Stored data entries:
-- Opening Marker --

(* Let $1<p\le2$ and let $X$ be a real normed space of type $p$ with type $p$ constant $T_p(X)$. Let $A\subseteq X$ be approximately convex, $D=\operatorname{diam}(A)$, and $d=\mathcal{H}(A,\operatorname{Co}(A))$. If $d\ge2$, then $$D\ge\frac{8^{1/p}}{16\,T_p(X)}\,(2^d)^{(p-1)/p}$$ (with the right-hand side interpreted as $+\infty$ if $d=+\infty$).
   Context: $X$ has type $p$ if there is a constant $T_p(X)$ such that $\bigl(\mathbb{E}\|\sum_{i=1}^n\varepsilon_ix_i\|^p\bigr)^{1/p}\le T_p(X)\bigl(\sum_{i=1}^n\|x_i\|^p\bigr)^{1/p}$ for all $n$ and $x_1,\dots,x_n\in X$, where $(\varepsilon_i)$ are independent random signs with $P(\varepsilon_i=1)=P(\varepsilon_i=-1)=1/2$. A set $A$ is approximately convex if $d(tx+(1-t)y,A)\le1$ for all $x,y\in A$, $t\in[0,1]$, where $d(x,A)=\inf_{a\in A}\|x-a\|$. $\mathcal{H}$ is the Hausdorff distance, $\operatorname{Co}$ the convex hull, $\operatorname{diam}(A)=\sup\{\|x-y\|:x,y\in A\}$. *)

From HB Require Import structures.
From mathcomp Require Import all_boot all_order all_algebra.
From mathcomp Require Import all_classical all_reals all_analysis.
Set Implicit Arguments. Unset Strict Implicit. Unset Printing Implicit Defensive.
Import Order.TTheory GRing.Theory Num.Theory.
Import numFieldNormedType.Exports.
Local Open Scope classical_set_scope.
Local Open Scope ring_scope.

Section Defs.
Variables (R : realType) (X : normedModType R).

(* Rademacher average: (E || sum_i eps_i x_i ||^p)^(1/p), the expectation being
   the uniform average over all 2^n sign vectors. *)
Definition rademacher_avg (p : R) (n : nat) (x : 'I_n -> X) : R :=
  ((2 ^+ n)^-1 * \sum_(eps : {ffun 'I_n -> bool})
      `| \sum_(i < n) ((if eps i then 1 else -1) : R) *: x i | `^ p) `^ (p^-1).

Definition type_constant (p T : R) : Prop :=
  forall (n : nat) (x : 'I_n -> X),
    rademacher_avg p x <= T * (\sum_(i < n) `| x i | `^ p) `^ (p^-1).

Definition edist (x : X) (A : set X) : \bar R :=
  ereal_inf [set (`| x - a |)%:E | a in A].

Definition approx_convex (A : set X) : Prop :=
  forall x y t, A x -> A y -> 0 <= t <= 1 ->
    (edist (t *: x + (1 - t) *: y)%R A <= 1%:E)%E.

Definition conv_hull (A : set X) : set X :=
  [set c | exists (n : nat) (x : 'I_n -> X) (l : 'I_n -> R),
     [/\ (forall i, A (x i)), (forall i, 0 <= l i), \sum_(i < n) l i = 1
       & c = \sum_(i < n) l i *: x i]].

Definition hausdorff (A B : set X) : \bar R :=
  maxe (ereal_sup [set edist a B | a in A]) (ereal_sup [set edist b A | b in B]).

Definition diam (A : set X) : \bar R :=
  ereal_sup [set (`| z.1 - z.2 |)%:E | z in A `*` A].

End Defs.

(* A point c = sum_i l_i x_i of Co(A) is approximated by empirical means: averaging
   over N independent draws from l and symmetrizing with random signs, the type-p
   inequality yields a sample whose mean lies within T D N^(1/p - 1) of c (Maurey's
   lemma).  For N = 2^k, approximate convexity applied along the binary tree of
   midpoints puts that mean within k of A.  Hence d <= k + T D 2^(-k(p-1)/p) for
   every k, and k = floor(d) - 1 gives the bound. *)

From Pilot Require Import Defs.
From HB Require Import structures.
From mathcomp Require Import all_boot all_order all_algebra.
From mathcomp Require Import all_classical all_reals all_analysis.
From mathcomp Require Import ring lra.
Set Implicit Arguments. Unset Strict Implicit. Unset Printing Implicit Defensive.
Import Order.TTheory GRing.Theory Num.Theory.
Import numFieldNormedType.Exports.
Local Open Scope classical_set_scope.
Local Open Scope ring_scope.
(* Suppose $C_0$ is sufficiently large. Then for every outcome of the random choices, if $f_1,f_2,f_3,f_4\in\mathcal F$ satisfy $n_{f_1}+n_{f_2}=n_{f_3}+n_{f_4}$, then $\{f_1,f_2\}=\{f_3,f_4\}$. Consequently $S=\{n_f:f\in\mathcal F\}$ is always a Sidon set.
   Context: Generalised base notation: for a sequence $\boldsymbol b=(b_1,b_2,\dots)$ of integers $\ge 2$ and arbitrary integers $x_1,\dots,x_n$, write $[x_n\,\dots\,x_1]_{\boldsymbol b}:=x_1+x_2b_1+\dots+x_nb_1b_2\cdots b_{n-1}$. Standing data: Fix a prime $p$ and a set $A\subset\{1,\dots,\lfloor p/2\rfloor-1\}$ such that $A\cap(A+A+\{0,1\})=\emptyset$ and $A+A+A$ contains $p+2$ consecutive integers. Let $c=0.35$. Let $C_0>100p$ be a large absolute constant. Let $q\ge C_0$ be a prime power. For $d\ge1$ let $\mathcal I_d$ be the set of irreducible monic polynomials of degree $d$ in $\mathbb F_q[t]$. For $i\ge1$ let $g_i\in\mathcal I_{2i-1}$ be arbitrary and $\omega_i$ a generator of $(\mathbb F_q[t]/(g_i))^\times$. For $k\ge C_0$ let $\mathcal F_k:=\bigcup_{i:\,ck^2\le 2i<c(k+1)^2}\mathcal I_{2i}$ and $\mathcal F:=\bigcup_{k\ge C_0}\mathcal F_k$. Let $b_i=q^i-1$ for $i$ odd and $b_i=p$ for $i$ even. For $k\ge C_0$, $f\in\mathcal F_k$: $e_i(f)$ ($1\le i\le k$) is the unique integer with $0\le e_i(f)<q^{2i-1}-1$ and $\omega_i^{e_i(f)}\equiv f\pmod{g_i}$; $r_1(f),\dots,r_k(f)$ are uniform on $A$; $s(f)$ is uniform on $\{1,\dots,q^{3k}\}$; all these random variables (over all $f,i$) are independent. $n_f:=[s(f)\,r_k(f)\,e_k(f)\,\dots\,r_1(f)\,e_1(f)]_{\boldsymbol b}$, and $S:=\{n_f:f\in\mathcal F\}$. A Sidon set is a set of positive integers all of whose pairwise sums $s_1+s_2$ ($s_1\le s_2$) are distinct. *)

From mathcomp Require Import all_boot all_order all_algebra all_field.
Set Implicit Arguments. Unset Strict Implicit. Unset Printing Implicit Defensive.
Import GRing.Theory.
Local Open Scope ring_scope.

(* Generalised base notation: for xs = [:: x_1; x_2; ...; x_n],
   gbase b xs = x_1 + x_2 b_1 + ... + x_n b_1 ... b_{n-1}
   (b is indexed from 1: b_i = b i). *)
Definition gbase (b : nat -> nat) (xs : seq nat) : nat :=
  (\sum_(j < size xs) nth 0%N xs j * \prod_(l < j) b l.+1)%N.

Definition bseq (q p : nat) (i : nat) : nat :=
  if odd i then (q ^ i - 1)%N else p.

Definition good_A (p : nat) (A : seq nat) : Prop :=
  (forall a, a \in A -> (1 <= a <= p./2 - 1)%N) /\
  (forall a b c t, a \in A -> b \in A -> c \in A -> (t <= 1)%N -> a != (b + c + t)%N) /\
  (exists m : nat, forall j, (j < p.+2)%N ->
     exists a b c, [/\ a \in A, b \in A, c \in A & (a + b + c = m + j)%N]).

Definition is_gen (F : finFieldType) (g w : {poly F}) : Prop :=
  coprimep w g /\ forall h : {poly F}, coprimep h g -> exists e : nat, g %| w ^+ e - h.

-- Closing Marker --

→ WHAT YOU WILL DO
Please give each line above again, word for word.

→ TASK RESPONSE
(* Let $1<p\le2$ and let $X$ be a real normed space of type $p$ with type $p$ constant $T_p(X)$. Let $A\subseteq X$ be approximately convex, $D=\operatorname{diam}(A)$, and $d=\mathcal{H}(A,\operatorname{Co}(A))$. If $d\ge2$, then $$D\ge\frac{8^{1/p}}{16\,T_p(X)}\,(2^d)^{(p-1)/p}$$ (with the right-hand side interpreted as $+\infty$ if $d=+\infty$).
   Context: $X$ has type $p$ if there is a constant $T_p(X)$ such that $\bigl(\mathbb{E}\|\sum_{i=1}^n\varepsilon_ix_i\|^p\bigr)^{1/p}\le T_p(X)\bigl(\sum_{i=1}^n\|x_i\|^p\bigr)^{1/p}$ for all $n$ and $x_1,\dots,x_n\in X$, where $(\varepsilon_i)$ are independent random signs with $P(\varepsilon_i=1)=P(\varepsilon_i=-1)=1/2$. A set $A$ is approximately convex if $d(tx+(1-t)y,A)\le1$ for all $x,y\in A$, $t\in[0,1]$, where $d(x,A)=\inf_{a\in A}\|x-a\|$. $\mathcal{H}$ is the Hausdorff distance, $\operatorname{Co}$ the convex hull, $\operatorname{diam}(A)=\sup\{\|x-y\|:x,y\in A\}$. *)

From HB Require Import structures.
From mathcomp Require Import all_boot all_order all_algebra.
From mathcomp Require Import all_classical all_reals all_analysis.
Set Implicit Arguments. Unset Strict Implicit. Unset Printing Implicit Defensive.
Import Order.TTheory GRing.Theory Num.Theory.
Import numFieldNormedType.Exports.
Local Open Scope classical_set_scope.
Local Open Scope ring_scope.

Section Defs.
Variables (R : realType) (X : normedModType R).

(* Rademacher average: (E || sum_i eps_i x_i ||^p)^(1/p), the expectation being
   the uniform average over all 2^n sign vectors. *)
Definition rademacher_avg (p : R) (n : nat) (x : 'I_n -> X) : R :=
  ((2 ^+ n)^-1 * \sum_(eps : {ffun 'I_n -> bool})
      `| \sum_(i < n) ((if eps i then 1 else -1) : R) *: x i | `^ p) `^ (p^-1).

Definition type_constant (p T : R) : Prop :=
  forall (n : nat) (x : 'I_n -> X),
    rademacher_avg p x <= T * (\sum_(i < n) `| x i | `^ p) `^ (p^-1).

Definition edist (x : X) (A : set X) : \bar R :=
  ereal_inf [set (`| x - a |)%:E | a in A].

Definition approx_convex (A : set X) : Prop :=
  forall x y t, A x -> A y -> 0 <= t <= 1 ->
    (edist (t *: x + (1 - t) *: y)%R A <= 1%:E)%E.

Definition conv_hull (A : set X) : set X :=
  [set c | exists (n : nat) (x : 'I_n -> X) (l : 'I_n -> R),
     [/\ (forall i, A (x i)), (forall i, 0 <= l i), \sum_(i < n) l i = 1
       & c = \sum_(i < n) l i *: x i]].

Definition hausdorff (A B : set X) : \bar R :=
  maxe (ereal_sup [set edist a B | a in A]) (ereal_sup [set edist b A | b in B]).

Definition diam (A : set X) : \bar R :=
  ereal_sup [set (`| z.1 - z.2 |)%:E | z in A `*` A].

End Defs.

(* A point c = sum_i l_i x_i of Co(A) is approximated by empirical means: averaging
   over N independent draws from l and symmetrizing with random signs, the type-p
   inequality yields a sample whose mean lies within T D N^(1/p - 1) of c (Maurey's
   lemma).  For N = 2^k, approximate convexity applied along the binary tree of
   midpoints puts that mean within k of A.  Hence d <= k + T D 2^(-k(p-1)/p) for
   every k, and k = floor(d) - 1 gives the bound. *)

From Pilot Require Import Defs.
From HB Require Import structures.
From mathcomp Require Import all_boot all_order all_algebra.
From mathcomp Require Import all_classical all_reals all_analysis.
From mathcomp Require Import ring lra.
Set Implicit Arguments. Unset Strict Implicit. Unset Printing Implicit Defensive.
Import Order.TTheory GRing.Theory Num.Theory.
Import numFieldNormedType.Exports.
Local Open Scope classical_set_scope.
Local Open Scope ring_scope.
(* Suppose $C_0$ is sufficiently large. Then for every outcome of the random choices, if $f_1,f_2,f_3,f_4\in\mathcal F$ satisfy $n_{f_1}+n_{f_2}=n_{f_3}+n_{f_4}$, then $\{f_1,f_2\}=\{f_3,f_4\}$. Consequently $S=\{n_f:f\in\mathcal F\}$ is always a Sidon set.
   Context: Generalised base notation: for a sequence $\boldsymbol b=(b_1,b_2,\dots)$ of integers $\ge 2$ and arbitrary integers $x_1,\dots,x_n$, write $[x_n\,\dots\,x_1]_{\boldsymbol b}:=x_1+x_2b_1+\dots+x_nb_1b_2\cdots b_{n-1}$. Standing data: Fix a prime $p$ and a set $A\subset\{1,\dots,\lfloor p/2\rfloor-1\}$ such that $A\cap(A+A+\{0,1\})=\emptyset$ and $A+A+A$ contains $p+2$ consecutive integers. Let $c=0.35$. Let $C_0>100p$ be a large absolute constant. Let $q\ge C_0$ be a prime power. For $d\ge1$ let $\mathcal I_d$ be the set of irreducible monic polynomials of degree $d$ in $\mathbb F_q[t]$. For $i\ge1$ let $g_i\in\mathcal I_{2i-1}$ be arbitrary and $\omega_i$ a generator of $(\mathbb F_q[t]/(g_i))^\times$. For $k\ge C_0$ let $\mathcal F_k:=\bigcup_{i:\,ck^2\le 2i<c(k+1)^2}\mathcal I_{2i}$ and $\mathcal F:=\bigcup_{k\ge C_0}\mathcal F_k$. Let $b_i=q^i-1$ for $i$ odd and $b_i=p$ for $i$ even. For $k\ge C_0$, $f\in\mathcal F_k$: $e_i(f)$ ($1\le i\le k$) is the unique integer with $0\le e_i(f)<q^{2i-1}-1$ and $\omega_i^{e_i(f)}\equiv f\pmod{g_i}$; $r_1(f),\dots,r_k(f)$ are uniform on $A$; $s(f)$ is uniform on $\{1,\dots,q^{3k}\}$; all these random variables (over all $f,i$) are independent. $n_f:=[s(f)\,r_k(f)\,e_k(f)\,\dots\,r_1(f)\,e_1(f)]_{\boldsymbol b}$, and $S:=\{n_f:f\in\mathcal F\}$. A Sidon set is a set of positive integers all of whose pairwise sums $s_1+s_2$ ($s_1\le s_2$) are distinct. *)

From mathcomp Require Import all_boot all_order all_algebra all_field.
Set Implicit Arguments. Unset Strict Implicit. Unset Printing Implicit Defensive.
Import GRing.Theory.
Local Open Scope ring_scope.

(* Generalised base notation: for xs = [:: x_1; x_2; ...; x_n],
   gbase b xs = x_1 + x_2 b_1 + ... + x_n b_1 ... b_{n-1}
   (b is indexed from 1: b_i = b i). *)
Definition gbase (b : nat -> nat) (xs : seq nat) : nat :=
  (\sum_(j < size xs) nth 0%N xs j * \prod_(l < j) b l.+1)%N.

Definition bseq (q p : nat) (i : nat) : nat :=
  if odd i then (q ^ i - 1)%N else p.

Definition good_A (p : nat) (A : seq nat) : Prop :=
  (forall a, a \in A -> (1 <= a <= p./2 - 1)%N) /\
  (forall a b c t, a \in A -> b \in A -> c \in A -> (t <= 1)%N -> a != (b + c + t)%N) /\
  (exists m : nat, forall j, (j < p.+2)%N ->
     exists a b c, [/\ a \in A, b \in A, c \in A & (a + b + c = m + j)%N]).

Definition is_gen (F : finFieldType) (g w : {poly F}) : Prop :=
  coprimep w g /\ forall h : {poly F}, coprimep h g -> exists e : nat, g %| w ^+ e - h.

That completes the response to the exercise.